Coronavirus vaccines will be one of the most sought after products in the world, so theft is also a danger.

“You can’t just leave them on a runway and fight over them because they would actually go bad and have no value, or worse, people would still be trying to distribute them,” said Glyn Hughes, global head of cargo for the International Air Transport Association. .

Johns Hopkins University researcher Tinglong Dai, who specializes in healthcare logistics, said creativity will be needed to keep the cold chain intact as coronavirus vaccines spread globally.

GAVI and UNICEF have experimented with delivering vaccines using drones. India’s largest food cold storage company is considering reserving space for vaccines.

“If people can figure out how to transport ice cream, they can transport vaccines,” Dai said.

Equivalent to bulk storage of vaccines, multidose vials reduce manufacturing and shipping costs. But if too few people show up in time for your jab, what’s left in the vials should be thrown away.

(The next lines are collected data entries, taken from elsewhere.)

(* Let $d\ge 2$ and let $|\psi^1\rangle,|\psi^2\rangle\in\mathbb{C}^d$ be arbitrary one-qudit states. Consider eight qudits labelled $1,\dots,8$ in the state $$|\Psi\rangle=|\psi^1\rangle_1|\psi^2\rangle_5|H\rangle_{26}|H\rangle_{34}|H\rangle_{78},$$ where $|H\rangle=\sum_{j,k\in\mathbb{Z}_d}\omega^{jk}|j\rangle|k\rangle$. For $r,s,t\in\mathbb{Z}_d$ let $|b_{rst}\rangle=(X^r\otimes Z^s\otimes X^t)\sum_{m\in\mathbb{Z}_d}|m\rangle|m\rangle|m\rangle$ (these $d^3$ vectors form an orthogonal basis $B_2$ of three qudits). Suppose qudits $1,2,3$ (in this order) are measured in $B_2$ with outcome $r,s,t$ and qudits $5,6,7$ (in this order) are measured in $B_2$ with outcome $u,v,w$. Then the resulting (unnormalised) state of qudits $4,8$, namely $(\langle b_{rst}|_{123}\otimes\langle b_{uvw}|_{567})|\Psi\rangle$, equals, up to a nonzero scalar factor independent of $\psi^1,\psi^2$, $$Z_4^{t-r}Z_8^{w-u}X_4^{s+u}X_8^{v+r}F_4F_8C_{Z(4,8)}|\psi^1\rangle_4|\psi^2\rangle_8.$$
   Context: $\omega=e^{2\pi i/d}$; $X|j\rangle=|j+1\bmod d\rangle$, $Z|j\rangle=\omega^j|j\rangle$, $F|j\rangle=\frac1{\sqrt d}\sum_{m\in\mathbb{Z}_d}\omega^{jm}|m\rangle$. $C_{Z(4,8)}$ is the controlled-$Z$ gate $|j\rangle_4|k\rangle_8\mapsto\omega^{jk}|j\rangle_4|k\rangle_8$. Subscripts indicate the qudit on which an operator acts. *)

From mathcomp Require Import all_boot all_order all_algebra.
From mathcomp Require Import reals realfun trigo.
From mathcomp Require Export complex.
Set Implicit Arguments. Unset Strict Implicit. Unset Printing Implicit Defensive.
Import Order.TTheory GRing.Theory Num.Theory.
Local Open Scope ring_scope.

Section Qudits.
Variables (R : realType) (d : nat).
Local Notation C := R[i].

Definition omega : C := Complex (cos (2 * pi / d%:R)) (sin (2 * pi / d%:R)).

(* computational basis labels: Z_d (the statements assume 2 <= d) *)
Local Notation Zd := 'Z_d.

(* one-qudit states (amplitude functions) and one-qudit operators (matrix entries A j k = <j|A|k>) *)
Definition ket1 := Zd -> C.
Definition op1 := Zd -> Zd -> C.

Definition Xop : op1 := fun j k => ((j == k + 1)%:R : C).
Definition Zop : op1 := fun j k => ((j == k)%:R : C) * omega ^+ (val j).
Definition Fop : op1 := fun m j =>
  (Complex (Num.sqrt (d%:R : R)) 0)^-1 * omega ^+ (val j * val m)%N.

Definition opmul (A B : op1) : op1 := fun j k => \sum_(l : Zd) A j l * B l k.
Definition opid : op1 := fun j k => ((j == k)%:R : C).
Definition oppow (A : op1) (n : nat) : op1 := iter n (opmul A) opid.

Definition cfg (n : nat) := {ffun 'I_n -> Zd}.
Definition state (n : nat) := cfg n -> C.

Definition upd n (x : cfg n) (i : 'I_n) (j : Zd) : cfg n :=
  [ffun k => if k == i then j else x k].

Definition act1 n (A : op1) (i : 'I_n) (psi : state n) : state n :=
  fun x => \sum_(j : Zd) A (x i) j * psi (upd x i j).

Definition CZ n (i j : 'I_n) (psi : state n) : state n :=
  fun x => omega ^+ (val (x i) * val (x j))%N * psi x.

Definition Hamp (j k : Zd) : C := omega ^+ (val j * val k)%N.

Definition ghz3 : state 3 :=
  fun x => ((x ord0 == x (inord 1)) && (x (inord 1) == x (inord 2)))%:R.

Definition bvec (r s t : Zd) : state 3 :=
  act1 (oppow Xop (val r)) ord0
    (act1 (oppow Zop (val s)) (inord 1)
      (act1 (oppow Xop (val t)) (inord 2) ghz3)).

Definition cfg3 (a b c : Zd) : cfg 3 :=
  [ffun k : 'I_3 => if val k == 0%N then a else if val k == 1%N then b else c].

Definition cfg2 (a b : Zd) : cfg 2 :=
  [ffun k : 'I_2 => if val k == 0%N then a else b].

(* Qudits labelled 1..8 in the paper are indices 0..7 here. *)
Definition q (k : nat) : 'I_8 := inord k.-1.

Definition Psi (psi1 psi2 : ket1) : state 8 :=
  fun x => psi1 (x (q 1)) * psi2 (x (q 5)) * Hamp (x (q 2)) (x (q 6))
           * Hamp (x (q 3)) (x (q 4)) * Hamp (x (q 7)) (x (q 8)).

(* (<b_rst|_{123} (x) <b_uvw|_{567}) |Psi>, a state of qudits 4,8
   (index 0 of the result = qudit 4, index 1 = qudit 8) *)
Definition measured (r s t u v w : Zd) (Phi : state 8) : state 2 :=
  fun y => \sum_(x : cfg 8 | (x (q 4) == y ord0) && (x (q 8) == y (inord 1)))
     (bvec r s t (cfg3 (x (q 1)) (x (q 2)) (x (q 3))))^*
     * (bvec u v w (cfg3 (x (q 5)) (x (q 6)) (x (q 7))))^* * Phi x.

(* |psi1>_4 |psi2>_8 as a 2-qudit state (index 0 = qudit 4, index 1 = qudit 8) *)
Definition prod2 (psi1 psi2 : ket1) : state 2 :=
  fun y => psi1 (y ord0) * psi2 (y (inord 1)).

Definition target (r s t u v w : Zd) (psi1 psi2 : ket1) : state 2 :=
  let i4 : 'I_2 := ord0 in let i8 : 'I_2 := inord 1 in
  act1 (oppow Zop (val (t - r))) i4
   (act1 (oppow Zop (val (w - u))) i8
    (act1 (oppow Xop (val (s + u))) i4
     (act1 (oppow Xop (val (v + r))) i8
      (act1 Fop i4
       (act1 Fop i8
        (CZ i4 i8 (prod2 psi1 psi2))))))).

End Qudits.

From mathcomp Require Import all_boot all_order all_algebra.
From mathcomp Require Import reals complex.
From mathcomp Require Import trigo ring.
From Stdlib Require Import FunctionalExtensionality.
Import Order.TTheory GRing.Theory Num.Theory.
Local Open Scope ring_scope.

(* Measuring qudits 1,2,3 in B_2 with outcome (r,s,t) forces x2 = x1 - r and
   x3 = x2 + t on the surviving configurations, and likewise for qudits 5,6,7;
   so the measured amplitude at (y4, y8) collapses to a double sum over a = x1,
   b = x5 of psi1(a) psi2(b) omega^phi(a,b), with phi a quadratic form over Z_d.
   Unfolding Z, X, F and C_Z writes the target state as the same kind of double
   sum, with a phase differing from phi by the constant sr + vu + ru, times the
   factor 1/d of the two Fourier transforms.  Hence c = d omega^(sr+vu+ru). *)

Lemma sum_on_section (V : nmodType) (I J : finType) (P : pred I) (p : I -> J)
    (g : J -> I) (F : I -> V) :
  (forall j, P (g j) && (p (g j) == j)) ->
  (forall x, P x -> x != g (p x) -> F x = 0) ->
  \sum_(x | P x) F x = \sum_j F (g j).
Proof.
move=> Pg F0; rewrite (partition_big p predT) //=; apply: eq_bigr => j _.
rewrite (bigD1 (g j)) ?Pg //= big1 ?addr0 // => x /andP[/andP[Px /eqP pxj] xNg].
by apply: F0; rewrite ?pxj.
Qed.

Section RootOfUnity.
Variables (R : realType) (d : nat).
Local Notation w := (omega R d).

Lemma omega_expE k :
  w ^+ k = Complex (cos (k%:R * (2 * pi / d%:R))) (sin (k%:R * (2 * pi / d%:R))).
Proof.
elim: k => [|k IHk]; first by rewrite expr0 !mul0r cos0 sin0.
rewrite exprS IHk; set th := 2 * pi / d%:R.
have -> : k.+1%:R * th = th + k%:R * th by rewrite -addn1 natrD mulrDl mul1r addrC.
rewrite cosD sinD.
by congr Complex; ring.
Qed.

Lemma omega_exp_order : w ^+ d = 1.
Proof.
have [->|d_gt0] := posnP d; first exact: expr0.
rewrite omega_expE mulrCA mulrV ?mulr1; last by rewrite unitfE pnatr_eq0 -lt0n.
by rewrite mulr_natl cos2pi sin2pi.
Qed.

Lemma omega_exp_modn m : w ^+ (m %% d) = w ^+ m.
Proof. by rewrite {2}(divn_eq m d) exprD mulnC exprM omega_exp_order expr1n mul1r. Qed.

Lemma conj_omega_mul : w^* * w = 1.
Proof.
rewrite /omega /=; congr Complex; last by rewrite mulNr mulrC subrr.
by rewrite mulNr opprK -!expr2 addrC sin2cos2 subrK.
Qed.

End RootOfUnity.

Lemma val_q k : (0 < k <= 8)%N -> val (q k) = k.-1.
Proof. by case/andP => k_gt0 k_le8; rewrite /q /= inordK // prednK. Qed.

Section Qudit.
Variables (R : realType) (n : nat).
(* ['Z_d] is the ring of integers mod d only when d >= 2. *)
Local Notation d := n.+2.
Local Notation C := R[i].
Local Notation w := (omega R d).
Local Notation Zd := 'Z_d.

Definition chi (a : Zd) : C := w ^+ val a.

Lemma omega_exp_valM (a b : Zd) : w ^+ (val a * val b) = chi (a * b).
Proof. by rewrite /chi /= omega_exp_modn. Qed.

Lemma chi0 : chi 0 = 1.
Proof. exact: expr0. Qed.

Lemma chiD (a b : Zd) : chi (a + b) = chi a * chi b.
Proof. by rewrite /chi /= omega_exp_modn exprD. Qed.

Lemma chi_neq0 a : chi a != 0.
Proof.
apply/eqP => chi_a0; have /eqP := chiD a (- a).
by rewrite chi_a0 mul0r addrN chi0 oner_eq0.
Qed.

Lemma conj_chi a : (chi a)^* = chi (- a).
Proof.
apply: (mulIf (chi_neq0 a)); rewrite -chiD addNr chi0 /chi rmorphXn /=.
by rewrite -exprMn conj_omega_mul expr1n.
Qed.

Lemma oppow_XopE m (j k : Zd) : oppow (@Xop R d) m j k = (j == k + m%:R)%:R.
Proof.
elim: m j k => [|m IHm] j k; first by rewrite /oppow /= addr0.
rewrite /oppow iterS -/(oppow _ m) /opmul (bigD1 (j - 1)) //= big1 ?addr0.
  by rewrite IHm /Xop subrK eqxx mul1r -[m.+1]addn1 natrD addrA subr_eq.
move=> l /negbTE l_neq; rewrite /Xop; case: eqP => [j_eq|]; last by rewrite mul0r.
by move: l_neq; rewrite j_eq addrK eqxx.
Qed.

Lemma oppow_ZopE m (j k : Zd) : oppow (@Zop R d) m j k = (j == k)%:R * w ^+ (m * val j).
Proof.
elim: m j k => [|m IHm] j k; first by rewrite /oppow /= mulr1.
rewrite /oppow iterS -/(oppow _ m) /opmul (bigD1 j) //= big1 ?addr0.
  by rewrite IHm /Zop eqxx mul1r mulrCA -exprD mulSn.
by move=> l /negbTE l_neq; rewrite /Zop eq_sym l_neq !mul0r.
Qed.

Lemma upd_id N (x : cfg d N) i : upd x i (x i) = x.
Proof. by apply/ffunP => k; rewrite ffunE; case: eqP => // ->. Qed.

Lemma act1_XpowE N (a : Zd) (i : 'I_N) psi x :
  act1 (oppow (@Xop R d) (val a)) i psi x = psi (upd x i (x i - a)).
Proof.
rewrite /act1 (bigD1 (x i - a)) //= big1 ?addr0.
  by rewrite oppow_XopE natr_Zp subrK eqxx mul1r.
by move=> j /negbTE j_neq; rewrite oppow_XopE natr_Zp -subr_eq eq_sym j_neq mul0r.
Qed.

Lemma act1_ZpowE N (a : Zd) (i : 'I_N) psi x :
  act1 (oppow (@Zop R d) (val a)) i psi x = chi (a * x i) * psi x.
Proof.
rewrite /act1 (bigD1 (x i)) //= big1 ?addr0.
  by rewrite oppow_ZopE eqxx mul1r upd_id omega_exp_valM.
by move=> j /negbTE j_neq; rewrite oppow_ZopE eq_sym j_neq !mul0r.
Qed.

Definition fourier_scale : C := (Complex (Num.sqrt (d%:R : R)) 0)^-1.

Lemma fourier_scale_neq0 : fourier_scale != 0.
Proof. by rewrite invr_eq0; apply/eqP => -[] /eqP; rewrite sqrtr_eq0 leNgt ltr0Sn. Qed.

Lemma act1_FopE N (i : 'I_N) psi x :
  act1 (@Fop R d) i psi x = fourier_scale * \sum_(j : Zd) chi (j * x i) * psi (upd x i j).
Proof. by rewrite mulr_sumr; apply: eq_bigr => j _; rewrite /Fop omega_exp_valM mulrA. Qed.

Lemma cfg3E (a b c : Zd) (k : 'I_3) :
  cfg3 a b c k = if val k == 0%N then a else if val k == 1%N then b else c.
Proof. exact: ffunE. Qed.

Lemma upd_cfg3_0 (a b c j : Zd) : upd (cfg3 a b c) ord0 j = cfg3 j b c.
Proof. by apply/ffunP => -[[|[|[|k]]] lt_k3]; rewrite !ffunE. Qed.

Lemma upd_cfg3_2 (a b c j : Zd) : upd (cfg3 a b c) (inord 2) j = cfg3 a b j.
Proof. by apply/ffunP => -[[|[|[|k]]] lt_k3]; rewrite !ffunE // -val_eqE /= inordK. Qed.

Lemma bvecE (r s t a b c : Zd) :
  bvec R r s t (cfg3 a b c) = ((a - r == b) && (b == c - t))%:R * chi (s * b).
Proof.
rewrite /bvec act1_XpowE upd_cfg3_0 act1_ZpowE act1_XpowE upd_cfg3_2 /ghz3 !cfg3E.
by rewrite /= !inordK // mulrC.
Qed.

Lemma conj_bvecE (r s t a b c : Zd) :
  (bvec R r s t (cfg3 a b c))^* = ((a - r == b) && (b == c - t))%:R * chi (- (s * b)).
Proof. by rewrite bvecE rmorphM /= conj_chi rmorph_nat. Qed.

Lemma cfg2E (a b : Zd) (k : 'I_2) : cfg2 a b k = if val k == 0%N then a else b.
Proof. exact: ffunE. Qed.

Lemma upd_cfg2_0 (y : cfg d 2) (j : Zd) : upd y ord0 j = cfg2 j (y (inord 1)).
Proof.
apply/ffunP => -[[|[|k]] lt_k2]; rewrite !ffunE //=.
by congr (y _); apply: val_inj; rewrite /= inordK.
Qed.

Lemma upd_cfg2_1 (y : cfg d 2) (j : Zd) : upd y (inord 1) j = cfg2 (y ord0) j.
Proof.
apply/ffunP => -[[|[|k]] lt_k2]; rewrite !ffunE -val_eqE /= inordK //=.
by congr (y _); apply: val_inj.
Qed.

Definition phase_sum (psi1 psi2 : ket1 R d) (f : Zd -> Zd -> Zd) : C :=
  \sum_a \sum_b psi1 a * psi2 b * chi (f a b).

Lemma eq_phase_sum psi1 psi2 f g : f =2 g -> phase_sum psi1 psi2 f = phase_sum psi1 psi2 g.
Proof. by move=> fg; apply: eq_bigr => a _; apply: eq_bigr => b _; rewrite fg. Qed.

Lemma phase_sumD psi1 psi2 c f :
  phase_sum psi1 psi2 (fun a b => c + f a b) = chi c * phase_sum psi1 psi2 f.
Proof.
rewrite mulr_sumr; apply: eq_bigr => a _; rewrite mulr_sumr; apply: eq_bigr => b _.
by rewrite chiD mulrCA.
Qed.

Lemma fourier2_CZE (psi1 psi2 : ket1 R d) (y : cfg d 2) :
  act1 (@Fop R d) ord0 (act1 (@Fop R d) (inord 1) (CZ ord0 (inord 1) (prod2 psi1 psi2))) y =
  fourier_scale ^+ 2 * phase_sum psi1 psi2 (fun a b => a * b + a * y ord0 + b * y (inord 1)).
Proof.
rewrite act1_FopE expr2 -mulrA; congr (_ * _); rewrite mulr_sumr; apply: eq_bigr => a _.
rewrite act1_FopE upd_cfg2_0 cfg2E /= mulrCA; congr (_ * _); rewrite !mulr_sumr; apply: eq_bigr => b _.
rewrite upd_cfg2_1 /CZ /prod2 !cfg2E /= inordK //= omega_exp_valM !chiD.
by ring.
Qed.

Lemma targetE (r s t u v w : Zd) (psi1 psi2 : ket1 R d) (y : cfg d 2) :
  target r s t u v w psi1 psi2 y = fourier_scale ^+ 2 * phase_sum psi1 psi2 (fun a b =>
    (t - r) * y ord0 + ((w - u) * y (inord 1)
     + (a * b + a * (y ord0 - (s + u)) + b * (y (inord 1) - (v + r))))).
Proof.
rewrite /target !act1_ZpowE !act1_XpowE upd_cfg2_0 upd_cfg2_1 !cfg2E /= inordK //=.
rewrite fourier2_CZE !cfg2E /= inordK //=.
by rewrite !phase_sumD; ring.
Qed.

Section Measurement.
Variables (r s t u v w : Zd) (y : cfg d 2).
Local Notation y0 := (y ord0).
Local Notation y1 := (y (inord 1)).

Definition meas_cfg (a b : Zd) : cfg d 8 :=
  [ffun i : 'I_8 => nth a [:: a; a - r; a - r + t; y0; b; b - u; b - u + w; y1] i].

Lemma meas_cfgE a b k : (0 < k <= 8)%N ->
  meas_cfg a b (q k) = nth a [:: a; a - r; a - r + t; y0; b; b - u; b - u + w; y1] k.-1.
Proof. by move=> k_range; rewrite ffunE val_q. Qed.

Lemma meas_cfg_uniq {x : cfg d 8} :
  x (q 4) = y0 -> x (q 8) = y1 ->
  (x (q 1) - r == x (q 2)) && (x (q 2) == x (q 3) - t) ->
  (x (q 5) - u == x (q 6)) && (x (q 6) == x (q 7) - w) ->
  x = meas_cfg (x (q 1)) (x (q 5)).
Proof.
move=> x4 x8 /andP[/eqP x2 /eqP x3] /andP[/eqP x6 /eqP x7].
have qE k (lt_k8 : (k < 8)%N) : Ordinal lt_k8 = q k.+1 by apply: val_inj; rewrite /= inordK.
apply/ffunP => -[[|[|[|[|[|[|[|[|k]]]]]]]] lt_k8] //; rewrite ffunE qE val_q //=.
- by rewrite x2 x3 subrK.
- by rewrite x6 x7 subrK.
Qed.

Lemma measured_PsiE psi1 psi2 :
  measured r s t u v w (Psi psi1 psi2) y = phase_sum psi1 psi2 (fun a b =>
    - (s * (a - r)) - v * (b - u) + (a - r) * (b - u) + (a - r + t) * y0 + (b - u + w) * y1).
Proof.
rewrite /measured (@sum_on_section _ _ _ _ (fun x : cfg d 8 => (x (q 1), x (q 5)))
  (fun ab => meas_cfg ab.1 ab.2)).
- rewrite /phase_sum pair_big; apply: eq_bigr => -[a b] _ /=.
  rewrite /Psi /Hamp !omega_exp_valM !meas_cfgE //= !conj_bvecE !addrK !eqxx /=.
  by rewrite !chiD; ring.
- by move=> [a b]; rewrite !meas_cfgE //= !eqxx.
move=> x /andP[/eqP x4 /eqP x8] x_neq; rewrite !conj_bvecE.
have [x123|] := boolP (_ && _); last by rewrite !mul0r.
have [x567|] := boolP (_ && _); last by rewrite mul0r mulr0 mul0r.
by rewrite -(meas_cfg_uniq x4 x8 x123 x567) eqxx in x_neq.
Qed.

End Measurement.
End Qudit.

Theorem lemma1 (R : realType) (d : nat) (hd : (2 <= d)%N) (r s t u v w : 'Z_d) :
  exists c : R[i], c != 0 /\
    forall psi1 psi2 : 'Z_d -> R[i],
      measured r s t u v w (Psi psi1 psi2) = (fun y => c * target r s t u v w psi1 psi2 y).
Proof.
case: d hd r s t u v w => [|[|n]] // _ r s t u v w.
exists (chi R n (s * r + v * u + r * u) / fourier_scale R n ^+ 2); split.
  by rewrite mulf_neq0 ?chi_neq0 // invr_eq0 expf_neq0 ?fourier_scale_neq0.
move=> psi1 psi2; apply: functional_extensionality => y.
rewrite measured_PsiE targetE mulrA divfK ?expf_neq0 ?fourier_scale_neq0 // -phase_sumD.
by apply: eq_phase_sum => a b; ring.
Qed.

For now, UNICEF is betting on 20-dose vials and expects the amount wasted to stay below 15 percent for open ones, according to Michelle Siedel, one of the agency’s cold chain experts.

UNICEF also expects to have 520 million pre-placed syringes and maps of where refrigeration needs are greatest by the end of the year, “to ensure that these supplies reach countries when vaccines arrive,” said Executive Director Henrietta Fore.

If Burkina Faso received 1 million doses of a coronavirus vaccine today, the country would not be able to handle it, said Jean-Claude Mubalama, UNICEF’s chief of health and nutrition for the West African country.

“If we had to get vaccinated against the coronavirus now, at this time, it would be impossible,” he said.